* [What the exercise asks]: Only one stretch of the data is wanted: the line containing "(exists p, (0", the line containing "rewrite Hpq, minus_IZR.", and every line between them, copied exactly.

[Data items]

(* Define $g:\mathbb N\to\mathbb N$ by $$g(n)=\begin{cases}\lfloor\varphi n\rfloor, & n\in R_{2,0},\\ \lfloor\varphi n-2\rfloor, & n\in R_{1,0},\\ \lfloor(\varphi-1) n+2\rfloor, & n\in R_{2,2},\\ \lfloor(\varphi-1) n+1\rfloor, & n\in R_{3,1}.\end{cases}$$ Then $g$ is an $R_{i,j}$-permutation of $\mathbb N$ of order $2$ (a bijection of $\mathbb N$ with $g\circ g=\mathrm{id}\neq g$). Its first values are $2,1,4,3,6,5,9,12,7,14,\dots$.
   Context: $\mathbb N=\{1,2,\dots\}$, $\varphi=\frac{1+\sqrt5}{2}$, $F$ the Fibonacci numbers ($F(0)=0,F(1)=F(2)=1$). For $i\in\mathbb Z^{\ge0},j\in\mathbb Z$, $R_{i,j}$ is the range of $n\mapsto F(i+1)\lfloor n\varphi\rfloor+F(i)n-j$, $n\in\mathbb N$. An $R_{i,j}$-permutation is a permutation $\pi$ of $\mathbb N$ defined piecewise on a finite partition of $\mathbb N$ into sets $R_{i,j}$, with $\pi(n)=\lfloor(a\varphi+b)n+c\rfloor$ on each piece for integers $a,b,c$ depending on the piece. *)

From Stdlib Require Import Reals ZArith.
Open Scope R_scope.

Definition phi : R := (1 + sqrt 5) / 2.

(* floor of a real number: Int_part x = up x - 1 is the floor of x *)
Definition rfloor (x : R) : Z := Int_part x.

(* Fibonacci numbers, F 0 = 0, F 1 = F 2 = 1 *)
Fixpoint fib (n : nat) : nat :=
  match n with
  | O => O
  | S m => match m with
           | O => 1%nat
           | S k => (fib m + fib k)%nat
           end
  end.

(* R_{i,j} = range of n |-> F(i+1) floor(n phi) + F(i) n - j, n >= 1,
   as a predicate on Z *)
Definition Rij (i : nat) (j : Z) (m : Z) : Prop :=
  exists n : nat, (1 <= n)%nat /\
    m = (Z.of_nat (fib (i + 1)) * rfloor (INR n * phi)
         + Z.of_nat (fib i) * Z.of_nat n - j)%Z.

(* the positive integers N = {1,2,...} as a predicate on Z *)
Definition posZ (m : Z) : Prop := (0 < m)%Z.

From Stdlib Require Import Reals ZArith Lra Lia.
Open Scope R_scope.

(* Let A n = floor(n phi) and B n = floor(n phi^2) = A n + n be the lower and upper
   Wythoff sequences.  As phi is irrational and 1/phi + 1/phi^2 = 1, Beatty's theorem
   says that A and B partition the positive integers.  By the identities
   A (A n) = B n - 1 and A (B n) = A n + B n, the four pieces are R_{1,0} = B(N),
   R_{2,0} = A(B(N)), R_{2,2} = A(A(A(N))) and R_{3,1} = A(A(B(N))); splitting N into
   B(N) and A(N), then A(N) into A(B(N)) and A(A(N)), and so on, shows that they
   partition N.  On them floor(phi m) = A m and floor((phi - 1) A j) = j - 1, so g
   swaps B n with A(A(A n)) and A(B n) with A(A(B n)). *)

Lemma rfloor_spec x : IZR (rfloor x) <= x < IZR (rfloor x) + 1.
Proof. unfold rfloor. pose proof (base_Int_part x). lra. Qed.

Lemma rfloor_unique k x : IZR k <= x < IZR k + 1 -> rfloor x = k.
Proof. intros Hx. symmetry. apply Int_part_spec. lra. Qed.

Lemma rfloor_ge k x : IZR k <= x -> (k <= rfloor x)%Z.
Proof.
  intros Hx. pose proof (rfloor_spec x).
  enough (k < rfloor x + 1)%Z by lia.
  apply lt_IZR. rewrite plus_IZR. lra.
Qed.

Lemma rfloor_lt x : (forall k, x <> IZR k) -> IZR (rfloor x) < x.
Proof.
  intros Hx. destruct (rfloor_spec x) as [[Hlt|Heq] _]; [exact Hlt|].
  exfalso. exact (Hx _ (eq_sym Heq)).
Qed.

Lemma rfloor_add_IZR x k : rfloor (x + IZR k) = (rfloor x + k)%Z.
Proof. apply rfloor_unique. rewrite plus_IZR. pose proof (rfloor_spec x). lra. Qed.

Lemma rfloor_sub_IZR x k : rfloor (x - IZR k) = (rfloor x - k)%Z.
Proof. unfold Rminus. rewrite <- opp_IZR, rfloor_add_IZR. lia. Qed.

Lemma lt_mul_inv_iff a b c : 0 < c -> (a < b * / c <-> a * c < b).
Proof.
  intros Hc. split; intros H.
  - apply (Rmult_lt_compat_r c) in H; [|exact Hc].
    now rewrite Rmult_assoc, Rinv_l, Rmult_1_r in H by lra.
  - apply (Rmult_lt_reg_r c); [exact Hc|].
    now rewrite Rmult_assoc, Rinv_l, Rmult_1_r by lra.
Qed.

Lemma mul_inv_lt_iff a b c : 0 < c -> (a * / c < b <-> a < b * c).
Proof.
  intros Hc. split; intros H.
  - apply (Rmult_lt_compat_r c) in H; [|exact Hc].
    now rewrite Rmult_assoc, Rinv_l, Rmult_1_r in H by lra.
  - apply (Rmult_lt_reg_r c); [exact Hc|].
    now rewrite Rmult_assoc, Rinv_l, Rmult_1_r by lra.
Qed.

Definition irrational (x : R) : Prop := forall n : Z, (0 < n)%Z -> forall k : Z, IZR n * x <> IZR k.

Lemma irrational_inv x : 0 < x -> irrational x -> irrational (/ x).
Proof.
  intros Hx Hirr n Hn k E.
  assert (Hk : (0 < k)%Z).
  { apply lt_IZR. rewrite <- E.
    apply Rmult_lt_0_compat; [now apply IZR_lt | now apply Rinv_0_lt_compat]. }
  apply (Hirr k Hk n). rewrite <- E. field. lra.
Qed.

Definition beatty (x : R) (n : Z) : Z := rfloor (IZR n * x).

Lemma beatty_bounds x n : (forall k, IZR n * x <> IZR k) ->
  IZR (beatty x n) < IZR n * x < IZR (beatty x n) + 1.
Proof. intros Hx. split; [now apply rfloor_lt | apply rfloor_spec]. Qed.

Lemma beatty_lt_mono x n n' : 1 <= x -> (n < n')%Z -> (beatty x n < beatty x n')%Z.
Proof.
  intros Hx Hn. unfold beatty.
  pose proof (rfloor_spec (IZR n * x)). pose proof (rfloor_spec (IZR n' * x)).
  assert (1 <= IZR n' - IZR n) by (rewrite <- minus_IZR; apply IZR_le; lia).
  assert (1 * 1 <= (IZR n' - IZR n) * x) by (apply Rmult_le_compat; lra).
  apply lt_IZR. lra.
Qed.

Lemma beatty_inj x n n' : 1 <= x -> beatty x n = beatty x n' -> n = n'.
Proof.
  intros Hx E. destruct (Z.lt_trichotomy n n') as [L|[L|L]]; [|exact L|];
  apply (beatty_lt_mono x _ _ Hx) in L; lia.
Qed.

Section Beatty.

Variables alpha beta : R.
Hypothesis alpha_pos : 0 < alpha.
Hypothesis beta_pos : 0 < beta.
Hypothesis inv_add : / alpha + / beta = 1.
Hypothesis alpha_irrational : irrational alpha.
Hypothesis beta_irrational : irrational beta.

Lemma beatty_disjoint p q : (0 < p)%Z -> (0 < q)%Z -> beatty alpha p <> beatty beta q.
Proof.
  intros Hp Hq E.
  destruct (beatty_bounds alpha p (alpha_irrational p Hp)) as [Hp1 Hp2].
  destruct (beatty_bounds beta q (beta_irrational q Hq)) as [Hq1 Hq2].
  rewrite E in Hp1, Hp2. set (m := IZR (beatty beta q)) in *.
  rewrite <- mul_inv_lt_iff in Hp1 by exact alpha_pos.
  rewrite <- lt_mul_inv_iff in Hp2 by exact alpha_pos.
  rewrite <- mul_inv_lt_iff in Hq1 by exact beta_pos.
  rewrite <- lt_mul_inv_iff in Hq2 by exact beta_pos.
  assert (Hsum : m < IZR (p + q) < m + 1).
  { rewrite plus_IZR. split; nra. }
  unfold m in Hsum. destruct Hsum as [H1 H2].
  apply lt_IZR in H1. rewrite <- plus_IZR in H2. apply lt_IZR in H2. lia.
Qed.

Lemma beatty_cover m : (0 < m)%Z ->
  (exists p, (0 < p)%Z /\ beatty alpha p = m) \/ (exists q, (0 < q)%Z /\ beatty beta q = m).
Proof.
  intros Hm.
  assert (HmR : 1 <= IZR m) by (apply IZR_le; lia).
  set (x := IZR (m + 1) * / alpha). set (y := IZR (m + 1) * / beta).
  assert (Hxy : x + y = IZR m + 1).
  { unfold x, y. rewrite <- Rmult_plus_distr_l, inv_add, plus_IZR. ring. }
  pose proof (irrational_inv alpha alpha_pos alpha_irrational (m + 1)%Z ltac:(lia)) as Hx.
  pose proof (irrational_inv beta beta_pos beta_irrational (m + 1)%Z ltac:(lia)) as Hy.
  set (p := rfloor x). set (q := rfloor y).
  assert (Hp : IZR p < x < IZR p + 1) by (split; [now apply rfloor_lt | apply rfloor_spec]).
  assert (Hq : IZR q < y < IZR q + 1) by (split; [now apply rfloor_lt | apply rfloor_spec]).
  assert (Hpq : q = (m - p)%Z).
  { assert (p + q < m + 1)%Z by (apply lt_IZR; rewrite !plus_IZR; lra).
    assert (m + 1 < p + q + 2)%Z by (apply lt_IZR; rewrite !plus_IZR; lra).
    lia. }
  destruct (Rle_or_lt (IZR m) (IZR p * alpha)) as [Hle|Hlt].
  - left. exists p.
    assert (Hup : IZR p * alpha < IZR m + 1).
    { rewrite <- plus_IZR, <- lt_mul_inv_iff by exact alpha_pos. apply Hp. }
    split; [apply lt_IZR; nra | now apply rfloor_unique].
  - right. exists q.
    rewrite <- lt_mul_inv_iff in Hlt by exact alpha_pos.
    assert (Hlow : IZR m * / beta < IZR q).
    { rewrite Hpq, minus_IZR.
      replace (/ beta) with (1 - / alpha) by lra. lra. }
    assert (Hup : IZR q * beta < IZR m + 1).
    { rewrite <- plus_IZR, <- lt_mul_inv_iff by exact beta_pos. apply Hq. }
    rewrite mul_inv_lt_iff in Hlow by exact beta_pos.
    split; [apply lt_IZR; nra | apply rfloor_unique; lra].
Qed.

* [Result for this task]:
  (exists p, (0 < p)%Z /\ beatty alpha p = m) \/ (exists q, (0 < q)%Z /\ beatty beta q = m).
Proof.
  intros Hm.
  assert (HmR : 1 <= IZR m) by (apply IZR_le; lia).
  set (x := IZR (m + 1) * / alpha). set (y := IZR (m + 1) * / beta).
  assert (Hxy : x + y = IZR m + 1).
  { unfold x, y. rewrite <- Rmult_plus_distr_l, inv_add, plus_IZR. ring. }
  pose proof (irrational_inv alpha alpha_pos alpha_irrational (m + 1)%Z ltac:(lia)) as Hx.
  pose proof (irrational_inv beta beta_pos beta_irrational (m + 1)%Z ltac:(lia)) as Hy.
  set (p := rfloor x). set (q := rfloor y).
  assert (Hp : IZR p < x < IZR p + 1) by (split; [now apply rfloor_lt | apply rfloor_spec]).
  assert (Hq : IZR q < y < IZR q + 1) by (split; [now apply rfloor_lt | apply rfloor_spec]).
  assert (Hpq : q = (m - p)%Z).
  { assert (p + q < m + 1)%Z by (apply lt_IZR; rewrite !plus_IZR; lra).
    assert (m + 1 < p + q + 2)%Z by (apply lt_IZR; rewrite !plus_IZR; lra).
    lia. }
  destruct (Rle_or_lt (IZR m) (IZR p * alpha)) as [Hle|Hlt].
  - left. exists p.
    assert (Hup : IZR p * alpha < IZR m + 1).
    { rewrite <- plus_IZR, <- lt_mul_inv_iff by exact alpha_pos. apply Hp. }
    split; [apply lt_IZR; nra | now apply rfloor_unique].
  - right. exists q.
    rewrite <- lt_mul_inv_iff in Hlt by exact alpha_pos.
    assert (Hlow : IZR m * / beta < IZR q).
    { rewrite Hpq, minus_IZR.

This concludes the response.